[From Bill Powers (940805.1150 MDT)]
Paul George (940804.1600) --
Having finished B:CP, I think it is a good piece of work. Too bad so
much of it seems to be ignored in most of the research and the
discussions here, which seem focused on the 'worm's eye view' of PCT
(1st & 2nd order control). Perhaps because the other concepts are
deemed 'uninteresting'?
Having finished the book, you can now speak with more assurance about
what PCT is than others who haven't -- as you now realize.
Avery Andrews explained the position well. There are lots of people
guessing about how the higher levels work, but there's no unifying
principle to tie such work into the whole system. The biggest problem is
in designing research and doing simulations without understanding how
higher-level perceptions work, or even exactly what the higher levels
are. So we work where we're more sure of our ground, trying to develop
methods that will apply generally but not going too far beyond what we
can demonstrate. It will be up to smart people like you to push the
boundaries further upward in the hierarchy.
In terms of the reorganization system, why must the reference variables
be _intrinsic_ and physiological? (I equate 'intrinsic' with hardwired
or inborn).
The main reason is that I needed something that _could_ be inborn, to
provide the basis for the development of the hierarchy from infancy (or
before) onward. I see the hierarchy in the neonate as a set of possible
control systems, with the necessary sorts of computations provided for
at each level but no wiring and no organization yet. We have to learn to
perceive everything, at every level, and also how to control what we
perceive. As I said in the book, this is a worst-case model, where there
is an absolute minimum of inborn organization. The reorganizing system
has to work under these worst-case conditions, where even the _concept_
of an algorithm or systematic strategy hasn't been developed yet.

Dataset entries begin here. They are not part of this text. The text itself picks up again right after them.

(* Let $\eta>0$ and $(u,v)\in\mathring C$ be such that $u/v$ is at distance at least $\eta$ from each $\mu_i$, $1\le i\le n$. Then for every $x\in\mathbb X_{u,v}$ and every $z\in\mathbb R^N$ with $\langle z,x\rangle=0=\langle z,x\rangle_{-1}$, $$\sum_{J\in\mathcal J}\frac1{|x|^4}\langle T_J(x),z\rangle^2+\sum_{i=1}^n\frac1{|x|^2}\langle R_i(x),z\rangle^2\ge c_1(\eta)|z|^2,$$ where $c_1(\eta)>0$ depends only on $\eta$, $N$ and $(\lambda_\ell)$.
   Context: Let $n\ge4$, $N=2n$, $1=\lambda_1=\lambda_2<\lambda_3=\lambda_4<\dots<\lambda_{N-1}=\lambda_N$, $\mu_i=\lambda_{2i}$. $\langle x,y\rangle=\sum x_\ell y_\ell$, $|x|^2=\sum x_\ell^2$, $\langle x,y\rangle_{-1}=\sum x_\ell y_\ell/\lambda_\ell$, $|x|_{-1}^2=\sum x_\ell^2/\lambda_\ell$. $C=\{(u,v):0\le v\le u\le\lambda_Nv\}$, interior $\mathring C$; $\mathbb X_{u,v}=\{x:|x|^2=u,|x|_{-1}^2=v\}$. $\mathcal J$ is the set of triples $J=(k,\ell,m)$ in $\{1,\dots,N\}$ with $\lambda_k<\lambda_\ell<\lambda_m$, and $T_J(x)$ is the vector $\sum x_ax_b(1/\lambda_a-1/\lambda_b)e_c$, the sum over the three cyclic permutations $(a,b,c)$ of $J$ ($e_c$ the canonical basis); $R_i(x)=x_{2i}e_{2i-1}-x_{2i-1}e_{2i}$, $1\le i\le n$. *)

(* Vectors of R^N are represented as functions nat -> R,
   with 0-based indices; only the coordinates 0 .. N-1 are ever used
   (all sums range over l < N). *)
From HB Require Import structures.
From mathcomp Require Import all_boot all_order all_algebra.
From mathcomp Require Import reals.
Set Implicit Arguments. Unset Strict Implicit. Unset Printing Implicit Defensive.
Import Order.TTheory GRing.Theory Num.Theory.
Local Open Scope ring_scope.

Section Defs.
Variable R : realType.

Definition ip (N : nat) (x y : nat -> R) : R := \sum_(l < N) x l * y l.
Definition sqn (N : nat) (x : nat -> R) : R := ip N x x.
Definition ipm (N : nat) (lam : nat -> R) (x y : nat -> R) : R :=
  \sum_(l < N) x l * y l / lam l.
Definition sqnm (N : nat) (lam : nat -> R) (x : nat -> R) : R := ipm N lam x x.

Definition evec (c : nat) : nat -> R := fun j => (j == c)%:R.

Definition TJ (lam : nat -> R) (k l m : nat) (x : nat -> R) : nat -> R :=
  fun j => x k * x l * ((lam k)^-1 - (lam l)^-1) * evec m j
         + x l * x m * ((lam l)^-1 - (lam m)^-1) * evec k j
         + x m * x k * ((lam m)^-1 - (lam k)^-1) * evec l j.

If everything from sensations to systems concepts has to be learned, we
obviously can't count on anything in those categories as an aid to
learning. The process of reorganization, in short, can't be intelligent,
because it has to work properly before any intelligence is developed. So
I asked myself what the basis for reorganization could possibly be with
those rather severe restrictions, and came up with the answer that it
has to be concerned with the status of the organism itself. That's where
the idea of intrinsic variables came from (that, and from W. Ross Ashby,
who called these "critical variables" and postulated a random switching
device which was the direct ancestor of my idea). There's no real need
to guess at what the intrinsic variables are; all we need to specify is
that they be affected by the way the organism behaves in an environment,
and that no knowledge of the external world or its laws be involved.
Ashby assumed that there were built-in upper and lower limits on
critical variables, exceeding which started the random switching
process. I substituted the idea of reference signals, but that's a minor
difference (two-way instead of one-way control). He also saw that such a
system would be "superstable" in that it would keep randomly switching
until the critical variables were once again within limits -- regardless
of _why_ they came back within limits. I simply adopted that principle;
it's still the basic principle of reorganization in PCT.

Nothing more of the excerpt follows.